[Recorded data]

# # # #

(* [ring] compares atoms syntactically, so every atom is brought to the normal
   form T b (nat_affine c n j) (sh u (rat_frac p q)): shifts are merged and
   written in lowest terms, indices are written as affine functions of the
   parameter j with m = c j + n. *)
Ltac normalize_shifts :=
  repeat match goal with
  | |- context [Defs.sh ?io ?v ?q] =>
    lazymatch q with
    | rat_frac _ _ => fail
    | _ => let n := eval vm_compute in (numq q) in
           let d := eval vm_compute in (denq q) in
           rewrite (@sh_rat_frac v q n d erefl erefl)
    end
  end.

Ltac normalize_indices T j :=
  repeat match goal with
  | |- context [T ?b ?k ?w] =>
    lazymatch k with
    | nat_affine _ _ _ => fail
    | _ => match eval pattern j in k with
           | ?F _ => let n0 := eval vm_compute in (F 0%N) in
                     let n1 := eval vm_compute in (F 1%N) in
                     let c := eval vm_compute in (n1 - n0)%N in
                     let E := fresh "E" in
                     assert (E : k = nat_affine c n0 j) by (rewrite /nat_affine; lia);
                     rewrite E; clear E
           end
    end
  end.

Ltac resolve_ifs :=
  repeat (rewrite ?big_cons ?big_nil /=; case: ifP => /= ?; try (exfalso; lia)).

Ltac monomial_identity T u j :=
  rewrite ?big_cons ?big_nil /= -(sh0 u) ?shsh;
  normalize_shifts; normalize_indices T j; ring.

Lemma validx_range a m : validx X l (a, m) -> (1 <= a <= rank X)%N /\ (0 < m)%N.
Proof. by rewrite /validx /= => /andP[-> /andP[]]. Qed.

Lemma Mfun_shift_identity (A : comPzRingType) (T : nat -> nat -> U -> A) a m u :
  valid_dynkin X -> validx X l (a, m) ->
  Mfun iota T X a m (sh u (- tinv X a)) * Mfun iota T X a m (sh u (tinv X a))
    * \prod_(x <- Nfun_atoms a m u) (T x.1.1 x.1.2.-1 x.2 * T x.1.1 x.1.2.+1 x.2)
  = Mfun iota T X a m.-1 u * Mfun iota T X a m.+1 u
    * \prod_(x <- Nfun_atoms a m u)
        (T x.1.1 x.1.2 (sh x.2 (- tinv X x.1.1))
         * T x.1.1 x.1.2 (sh x.2 (tinv X x.1.1))).
Proof.
move=> vX /validx_range [/andP[a_ge1 ar] m_gt0].
rewrite /Mfun /Nfun_atoms /tinv.
case: X vX ar => [r|r|r|r|||||] /= vX ar.
(* A_r, D_r, E_6, E_7, E_8: both sides are products over the same neighbours. *)
1,4,5,6,7: by rewrite !big_map -!big_split /=; apply: eq_bigr => b _; ring.
1,2,3: case: (pos_nat_mod2_cases m_gt0) => [][j ->];
  resolve_ifs; monomial_identity T u j.
case: (pos_nat_mod3_cases m_gt0) => [[][j ->]|[j ->]];
  resolve_ifs; monomial_identity T u j.
Qed.

Lemma Mfun_atoms_boundary a k u : valid_dynkin X -> (1 <= l)%N ->
  (1 <= a <= rank X)%N -> k = 0%N \/ k = (tnum X a * l)%N ->
  all (fun x : atom => ~~ validx X l x.1) (Mfun_atoms a k u).
Proof.
move=> vX l_gt0 ar hk; rewrite /Mfun_atoms.
case: X vX ar hk => [r|r|r|r|||||] /= vX ar hk; case: hk => ->;
  try (apply/allP => x /mapP[b /mem_adj_range hb ->] /=;
       rewrite /validx /tnum /=; lia).
all: rewrite /validx /tnum /=; resolve_ifs; lia.
Qed.

(* The atoms of N^{(a)}_m either are admissible or have b outside the diagram
   (b = 0 or b = r + 1): no N-factor meets the boundary k = 0, t_b l. *)
Definition validx_or_outside (b k : nat) : bool :=
  validx X l (b, k) || ~~ (1 <= b <= rank X)%N.

Lemma Nfun_atoms_valid a m u : valid_dynkin X -> validx X l (a, m) ->
  all (fun x : atom => validx_or_outside x.1.1 x.1.2) (Nfun_atoms a m u).
Proof.
move=> vX; rewrite /Nfun_atoms /validx_or_outside.
case: X vX => [r|r|r|r|||||] /= vX;
  try (move=> hv; apply/allP => x /mapP[b /mem_adj_range hb ->] /=;
       move: hv; rewrite /validx /tnum /=; lia).
all: rewrite /validx /tnum /=; resolve_ifs; lia.
Qed.

Lemma validx_neighbours a m : validx X l (a, m) ->
  (m.-1 = 0%N \/ validx X l (a, m.-1) \/ m.-1 = (tnum X a * l)%N) /\
  (m.+1 = 0%N \/ validx X l (a, m.+1) \/ m.+1 = (tnum X a * l)%N).
Proof. by rewrite /validx /=; move: (tnum X a * l)%N => t; lia. Qed.

(** * The Y-system in any ring satisfying the T-system *)

Section YSystem.
Variables (A : comPzRingType) (T Ti : nat -> nat -> U -> A).
Hypothesis T_inv : forall a k w, T a k w * Ti a k w = 1.
Hypothesis T_boundary : forall a k w, ~~ validx X l (a, k) -> T a k w = 1.
Hypothesis T_system : forall a m w, validx X l (a, m) ->
  T a m (sh w (- tinv X a)) * T a m (sh w (tinv X a))
  = T a m.-1 w * T a m.+1 w + Mfun iota T X a m w.
Hypothesis vX : valid_dynkin X.
Hypothesis l_gt0 : (1 <= l)%N.

Lemma Ti_boundary a k w : ~~ validx X l (a, k) -> Ti a k w = 1.
Proof. by move=> hv; rewrite -(T_inv a k w) T_boundary // mul1r. Qed.

Lemma Mfun_inv a k w : Mfun iota T X a k w * Mfun iota Ti X a k w = 1.
Proof. by rewrite !Mfun_prod -big_split /=; apply: big1 => x _; apply: T_inv. Qed.

Definition phiY b k w : A :=
  if validx X l (b, k) then Mfun iota T X b k w * Ti b k.-1 w * Ti b k.+1 w
  else 0.

Definition phiYinv b k w : A :=
  if validx X l (b, k) then T b k.-1 w * T b k.+1 w * Mfun iota Ti X b k w
  else 0.

Lemma phiY_mul_inv a m w :
  Mfun iota T X a m w * Ti a m.-1 w * Ti a m.+1 w
  * (T a m.-1 w * T a m.+1 w * Mfun iota Ti X a m w) = 1.
Proof.
transitivity ((Mfun iota T X a m w * Mfun iota Ti X a m w)
  * ((T a m.-1 w * Ti a m.-1 w) * (T a m.+1 w * Ti a m.+1 w))); first ring.
by rewrite Mfun_inv !T_inv !mulr1.
Qed.

Lemma one_add_phiY b k w : validx_or_outside b k ->
  1 + phiY b k w = T b k (sh w (- tinv X b)) * T b k (sh w (tinv X b))
                   * (Ti b k.-1 w * Ti b k.+1 w).
Proof.
have outside k' : ~~ (1 <= b <= rank X)%N -> ~~ validx X l (b, k').
  by rewrite /validx /=; case: (1 <= b <= rank X)%N.
rewrite /validx_or_outside /phiY; case: ifP => hv /= ho; last first.
  by rewrite !T_boundary ?Ti_boundary ?outside // addr0 !mulr1.
rewrite T_system //.
have -> : 1 = T b k.-1 w * Ti b k.-1 w * (T b k.+1 w * Ti b k.+1 w).
  by rewrite !T_inv mulr1.
ring.
Qed.

Lemma one_add_phiYinv a k w : (1 <= a <= rank X)%N ->
  k = 0%N \/ validx X l (a, k) \/ k = (tnum X a * l)%N ->
  1 + phiYinv a k w = T a k (sh w (- tinv X a)) * T a k (sh w (tinv X a))
                      * Mfun iota Ti X a k w.
Proof.
move=> ar hk; rewrite /phiYinv; case: ifP => hv.
  rewrite T_system //.
  have -> : 1 = Mfun iota T X a k w * Mfun iota Ti X a k w by rewrite Mfun_inv.
  ring.
have {}hk : k = 0%N \/ k = (tnum X a * l)%N.
  by case: hk => [->|[h|->]]; [left|rewrite h in hv|right].
have Mi1 : Mfun iota Ti X a k w = 1.
  rewrite Mfun_prod big1_seq // => -[[b k'] w'] /andP[_ hx].
  exact/Ti_boundary/(allP (Mfun_atoms_boundary w vX l_gt0 ar hk) _ hx).
by rewrite Mi1 addr0 !T_boundary ?hv // !mulr1.
Qed.

Lemma one_add_phiY_inv a m w : validx X l (a, m) ->
  (1 + phiY a m w)
  * (T a m.-1 w * T a m.+1 w * Ti a m (sh w (- tinv X a)) * Ti a m (sh w (tinv X a)))
  = 1.
Proof.
move=> hv; rewrite one_add_phiY ?/validx_or_outside ?hv //.
transitivity ((T a m (sh w (- tinv X a)) * Ti a m (sh w (- tinv X a)))
     * (T a m (sh w (tinv X a)) * Ti a m (sh w (tinv X a)))
     * ((T a m.-1 w * Ti a m.-1 w) * (T a m.+1 w * Ti a m.+1 w))); first ring.
by rewrite !T_inv !mulr1.
Qed.

Lemma phiY_system a m u : validx X l (a, m) ->
  phiY a m (sh u (- tinv X a)) * phiY a m (sh u (tinv X a))
    * ((1 + phiYinv a m.-1 u) * (1 + phiYinv a m.+1 u))
  = Nfun iota phiY X a m u.
Proof.
move=> am; have [ar _] := validx_range am; have [lo hi] := validx_neighbours am.
set um := sh u (- tinv X a); set up := sh u (tinv X a).
pose G := \prod_(x <- Nfun_atoms a m u)
  (T x.1.1 x.1.2 (sh x.2 (- tinv X x.1.1)) * T x.1.1 x.1.2 (sh x.2 (tinv X x.1.1))).
pose D := \prod_(x <- Nfun_atoms a m u) (T x.1.1 x.1.2.-1 x.2 * T x.1.1 x.1.2.+1 x.2).
pose Di := \prod_(x <- Nfun_atoms a m u)
  (Ti x.1.1 x.1.2.-1 x.2 * Ti x.1.1 x.1.2.+1 x.2).
have rhsE : Nfun iota phiY X a m u = G * Di.
  rewrite Nfun_prod -big_split /=; apply: eq_big_seq => x hx.
  exact: one_add_phiY (allP (Nfun_atoms_valid u vX am) x hx).
have D_inv : D * Di = 1.
  rewrite -big_split; apply: big1 => x _ /=.
  by rewrite mulrACA !T_inv mulr1.
rewrite rhsE /phiY am (one_add_phiYinv _ ar lo) (one_add_phiYinv _ ar hi).
set Mm := Mfun iota T X a m um; set Mp := Mfun iota T X a m up.
set M1 := Mfun iota T X a m.-1 u; set M2 := Mfun iota T X a m.+1 u.
set Mi1 := Mfun iota Ti X a m.-1 u; set Mi2 := Mfun iota Ti X a m.+1 u.
have key : Mm * Mp * D = M1 * M2 * G by apply: Mfun_shift_identity.
have M1_inv : M1 * Mi1 = 1 by apply: Mfun_inv.
have M2_inv : M2 * Mi2 = 1 by apply: Mfun_inv.
transitivity (Mm * Mp * Mi1 * Mi2 * ((T a m.-1 um * Ti a m.-1 um)
  * (T a m.+1 um * Ti a m.+1 um) * (T a m.-1 up * Ti a m.-1 up)
  * (T a m.+1 up * Ti a m.+1 up))); first ring.
rewrite !T_inv !mulr1.
transitivity (Mm * Mp * Mi1 * Mi2 * (D * Di)); first by rewrite D_inv mulr1.
transitivity (Mm * Mp * D * Mi1 * Mi2 * Di); first ring.
rewrite key; transitivity (M1 * Mi1 * (M2 * Mi2) * G * Di); first ring.
by rewrite M1_inv M2_inv !mul1r.
Qed.

End YSystem.
End MNProducts.

Section Phi.
Variables (X : dynkin) (l : nat) (U : zmodType) (iota : rat -> U).
Hypothesis iotaD : forall p q, iota (p + q) = iota p + iota q.
Hypothesis vX : valid_dynkin X.
Hypothesis l_gt0 : (1 <= l)%N.

Local Notation TT := (TT X l iota).
Local Notation TTinv := (TTinv X l iota).
Local Notation qT := (qproj (@Trel X l _ iota)).

Lemma Mfun_TT a m w : qT (Mfun iota (@Tv X l U) X a m w) = Mfun iota TT X a m w.
Proof. by rewrite !Mfun_prod rmorph_prod. Qed.

Lemma TT_inv a k w : TT a k w * TTinv a k w = 1.
Proof.
rewrite /Defs.TT /Defs.TTinv -rmorphM /Tv /Tiv /var_T.
case: insubP => [i _ _ | _]; last by rewrite mulr1 rmorph1.
by rewrite -(rmorph1 qT); apply: qproj_eq_rel; left; exists i, w.
Qed.

Lemma TT_boundary a k w : ~~ validx X l (a, k) -> TT a k w = 1.
Proof. by move=> hv; rewrite /Defs.TT /Tv /var_T insubN // rmorph1. Qed.

Lemma TT_system a m w : validx X l (a, m) ->
  TT a m (sh iota w (- tinv X a)) * TT a m (sh iota w (tinv X a))
  = TT a m.-1 w * TT a m.+1 w + Mfun iota TT X a m w.
Proof.
move=> hv; have := @qproj_eq_rel _ (@Trel X l _ iota) _ _
  (or_intror (ex_intro _ a (ex_intro _ m (ex_intro _ w (conj hv erefl))))).
by rewrite !rmorphM rmorphD rmorphM -Mfun_TT.
Qed.

Definition phi_gen (y : YVar X l U) : TRing X l iota :=
  let: (kind, i, w) := y in
  let a := (val i).1 in let m := (val i).2 in
  if nat_of_ord kind == 0%N then phi_image X l iota a m w
  else if nat_of_ord kind == 1%N then
    TT a m.-1 w * TT a m.+1 w * Mfun iota TTinv X a m w
  else TT a m.-1 w * TT a m.+1 w * TTinv a m (sh iota w (- tinv X a))
       * TTinv a m (sh iota w (tinv X a)).

Local Notation phi := (malg_eval phi_gen).

Lemma phi_Yv b k w : phi (Yv X l b k w) = phiY X l iota TT TTinv b k w.
Proof.
rewrite /Yv /var_Y /phiY; case: insubP => [i hv e|hv].
  by rewrite malg_eval_ucm /= e hv.
by rewrite (negbTE hv) rmorph0.
Qed.

Lemma phi_Yiv b k w : phi (Yiv X l b k w) = phiYinv X l iota TT TTinv b k w.
Proof.
rewrite /Yiv /var_Y /phiYinv; case: insubP => [i hv e|hv].
  by rewrite malg_eval_ucm /= e hv.
by rewrite (negbTE hv) rmorph0.
Qed.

# # # #

→ **Instructions for the task**:
Check each line of the records for the string "erefl" and state how many lines contain it. Give only the number.

→ **Result below**:
2